Of course, Europe is not like that. Oh dear me, no. Mr Leonard does not mention this, being modest on behalf of the project, but there is the small matter of sucking up to tyrants and authoritarian leaders, supporting terrorists, sending in troops when they feel like it (remember the Ivory Coast and DR Congo), breaking the UN embargo through the oil-for-food scam, and continuing with ruinous economic policies like the CAP and the CFP, which contribute to poverty in the Third World. So, perhaps, Mr Leonard is right – the EU does have a big influence on world affairs.

However, that is not what he means. Or so he says. What he means is that
“Europe works in a more diffuse way. It extends its influence through legislation, spreading its values across the world, from Russia to Rwanda.”
If I were him, I would have chosen different examples. Presumably the book was written before the latest political developments in Russia but it is now generally acknowledged that President Putin is moving extremely fast back into an era of political authoritarianism that does not even have the merit of providing a framework for free enterprise.

To be fair, nothing Putin has done is alien to Russian history, but Mr Leonard seems to think that he has been influenced by “Europe” through legislation. Either he cares little about what really goes on in the world or he tells tales of porcine aviation.

Then there is Rwanda. A bit of a mess. If it was caused by “Europe” or happened under the influence, “Europe” ought to be ashamed of herself. There is, of course, good evidence that some parts of “Europe”, namely France, were strongly supportive of the Hutu militias, and, thus can be said to have had an influence in Rwanda. Did Mr Leonard mean that? I think we should be told.
“Europe brings other countries into its orbit rather than defining itself against them, which is crucial at this volatile moment in our history. Its lack of a single leader allows it to expand to accommodate ever-greater numbers of countries without collapsing.”
As I said, I despair. The European Union is already feeling the strain at taking in ten new countries, eight of them former communist ones. Serious, grown-up people who look at the issues, are shaking their heads with worry and that is before the question of Romania, Bulgaria, Croatia, let alone, Turkey comes up.
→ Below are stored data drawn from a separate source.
(* Let $(A,+,\circ)$ be a finite left brace whose additive group $(A,+)$ is cyclic, let $X$ be a transitive cycle base of $A$ and let $g\in X$. Then $g$ generates the additive group $(A,+)$.
   Context: A left brace is a set $A$ with two operations such that $(A,+)$ is an abelian group, $(A,\circ)$ is a group, and $a\circ(b+c)=a\circ b-a+a\circ c$ for all $a,b,c$. For $a\in A$, $\lambda_a(b):=-a+a\circ b$; $a\mapsto\lambda_a$ is a homomorphism $(A,\circ)\to\mathrm{Aut}(A,+)$, giving an action of $(A,\circ)$ on $A$. A transitive cycle base is a subset of $A$ which is a single orbit of this action and which generates $(A,+)$. *)

From mathcomp Require Import all_boot all_order all_algebra.
Set Implicit Arguments. Unset Strict Implicit. Unset Printing Implicit Defensive.
Import GRing.Theory.
Local Open Scope ring_scope.

Definition is_left_brace (A : finZmodType) (circ : A -> A -> A) : Prop :=
  [/\ (forall a b c, circ a (circ b c) = circ (circ a b) c),
      (exists e, (forall a, circ e a = a /\ circ a e = a) /\
                 (forall a, exists b, circ a b = e /\ circ b a = e))
    & (forall a b c, circ a (b + c) = circ a b - a + circ a c)].

Definition brace_lambda (A : finZmodType) (circ : A -> A -> A) (a b : A) : A :=
  - a + circ a b.

Definition add_generates (A : finZmodType) (X : {set A}) : Prop :=
  forall y : A, exists c : A -> int, y = \sum_(x in X) (x *~ c x).

Definition add_cyclic (A : finZmodType) : Prop :=
  exists a : A, add_generates [set a].

Definition lambda_orbit (A : finZmodType) (circ : A -> A -> A) (X : {set A}) : Prop :=
  exists x : A, X = [set brace_lambda circ a x | a in A].

Definition transitive_cycle_base (A : finZmodType) (circ : A -> A -> A)
  (X : {set A}) : Prop :=
  lambda_orbit circ X /\ add_generates X.

From HB Require Import structures.
From mathcomp Require Import all_boot all_order all_algebra.
Set Implicit Arguments.
Unset Strict Implicit.
Unset Printing Implicit Defensive.

Import GRing.Theory.
Local Open Scope ring_scope.

(* Every additive endomorphism of a cyclic group is multiplication by an
   integer.  The maps lambda_b of a left brace are additive, so when (A,+) is
   cyclic each lambda_b(g) is an integer multiple of g.  An orbit of the lambda
   action is the orbit of each of its points, so the transitive cycle base X
   consists of multiples of g; as X generates (A,+), so does g. *)

Section CyclicGroups.
Variable A : finZmodType.

Lemma add_generates1P (g : A) :
  add_generates [set g] <-> forall y, exists m : int, y = g *~ m.
Proof.
split=> [gen_g y | mult_g y].
  by have [c ->] := gen_g y; rewrite big_set1; exists (c g).
by have [m ->] := mult_g y; exists (fun=> m); rewrite big_set1.
Qed.

Lemma add_generates_multiples (X : {set A}) (g : A) :
  add_generates X -> {in X, forall x, exists m : int, x = g *~ m} ->
  add_generates [set g].
Proof.
move=> genX multX; apply/add_generates1P => y; have [c ->] := genX y.
apply: (big_ind (fun w => exists m : int, w = g *~ m)).
- by exists 0; rewrite mulr0z.
- by move=> _ _ [m1 ->] [m2 ->]; exists (m1 + m2); rewrite mulrzDr.
- by move=> x /multX [m xE]; exists (m * c x); rewrite mulrzA -xE.
Qed.

Lemma cyclic_additive_mulrz (c : A) (f : {additive A -> A}) :
  add_generates [set c] -> exists k : int, forall z, f z = z *~ k.
Proof.
move/add_generates1P=> gen_c; have [k fc] := gen_c (f c).
by exists k => z; have [m ->] := gen_c z; rewrite raddfMz fc mulrzAC.
Qed.

End CyclicGroups.

Section LeftBrace.
Variables (A : finZmodType) (circ : A -> A -> A).
Hypothesis brace : is_left_brace circ.

Local Notation lambda := (brace_lambda circ).

Lemma brace_circA : forall a b c, circ a (circ b c) = circ (circ a b) c.
Proof. by case: brace. Qed.

Lemma brace_circD : forall a b c, circ a (b + c) = circ a b - a + circ a c.
Proof. by case: brace => _ _. Qed.

Lemma brace_circ0 a : circ a 0 = a.
Proof.
have := brace_circD a 0 0; rewrite addr0 => /(congr1 (fun z => z - circ a 0)).
by rewrite subrr addrK => /esym/eqP; rewrite subr_eq0 => /eqP.
Qed.

Lemma brace_lambda_nmod_morphism a : nmod_morphism (lambda a).
Proof.
split=> [|u v]; first by rewrite /brace_lambda brace_circ0 addNr.
by rewrite /brace_lambda brace_circD !addrA.
Qed.

Definition brace_lambda_additive (a : A) : {additive A -> A} :=
  HB.pack (lambda a) (GRing.isNmodMorphism.Build _ _ _ (brace_lambda_nmod_morphism a)).

Lemma brace_lambdaM a b c : lambda (circ a b) c = lambda a (lambda b c).
Proof.
have lambdaN u : lambda a (- u) = - lambda a u := raddfN (brace_lambda_additive a) u.
have lambdaD u v : lambda a (u + v) = lambda a u + lambda a v :=
  raddfD (brace_lambda_additive a) u v.
rewrite [lambda b c]/brace_lambda lambdaD lambdaN /brace_lambda brace_circA.
by rewrite opprD opprK addrACA subrr add0r.
Qed.

Lemma brace_lambdaK a : exists b, cancel (lambda a) (lambda b).
Proof.
case: brace => _ [e [unit_e inv] _]; have [b [_ ba_e]] := inv a.
have e0 : e = 0 by rewrite -[LHS]brace_circ0 (proj1 (unit_e 0)).
exists b => x; rewrite -brace_lambdaM ba_e /brace_lambda (proj1 (unit_e x)) e0.
by rewrite oppr0 add0r.
Qed.

Lemma lambda_orbit_of_mem (x g : A) (X : {set A}) :
  X = [set lambda a x | a in A] -> g \in X -> X = [set lambda b g | b in A].
Proof.
move=> -> /imsetP [a _ ->]; have [a' lambda_aK] := brace_lambdaK a.
apply/eqP; rewrite eqEsubset; apply/andP; split; apply/subsetP=> _ /imsetP [b _ ->].
  by apply/imsetP; exists (circ b a') => //; rewrite brace_lambdaM lambda_aK.
by apply/imsetP; exists (circ b a) => //; rewrite brace_lambdaM.
Qed.

End LeftBrace.

Theorem mainTheorem2 (A : finZmodType) (circ : A -> A -> A) (X : {set A}) (g : A) :
  is_left_brace circ -> add_cyclic A -> transitive_cycle_base circ X ->
  g \in X -> add_generates [set g].
Proof.
move=> brace [c gen_c] [[x defX] genX] gX.
apply: (add_generates_multiples genX).
rewrite (lambda_orbit_of_mem brace defX gX) => _ /imsetP [b _ ->].
have [k lambda_bE] := cyclic_additive_mulrz (brace_lambda_additive brace b) gen_c.
by exists k; apply: lambda_bE.
Qed.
Besides, the EU has nobody in its orbit except countries that are hoping to become members for one reason or another. As we have pointed out before, the EU’s problem (well, one of them) is that it has no clear attitude to countries close to itself and has to escape into banal generalities when its aims are discussed.

Finally, Mr Leonard tells us that
“Although it is responsible for half our legislation and half our trade, and controls entire areas of policy from agriculture to environmental regulation, it is practically invisible. This subtle power is a tremendous source of strength.”
What he means by subtle power, presumably, is the fact that politicians will not admit how much is controlled by the unaccountable EU and how little by them. Well, Mr Leonard has just blown the gaffe, and he will not be thanked.

His figures are wrong, incidentally. Around eighty per cent of our legislation, according to the government comes from the EU and, if we take invisibles into account, less than half of our trade is with the EU. In fact only ten per cent or so of our economic activity, involved the Single Market.

Still, only a lad who has never had a day job in his life can think that the power that produces endless laws and regulations is invisible. It may have been hidden but it is becoming more and more visible, not least because the Commission wants it to be. On this, as on so many things Mr Leonard is a tad out of date.

The real question is who does he think will be impressed by these arguments? Who are these people who will say: whoppeee, I am so glad that the invisible hand of Europe runs my life. Is this what the yes camp going to use as an argument?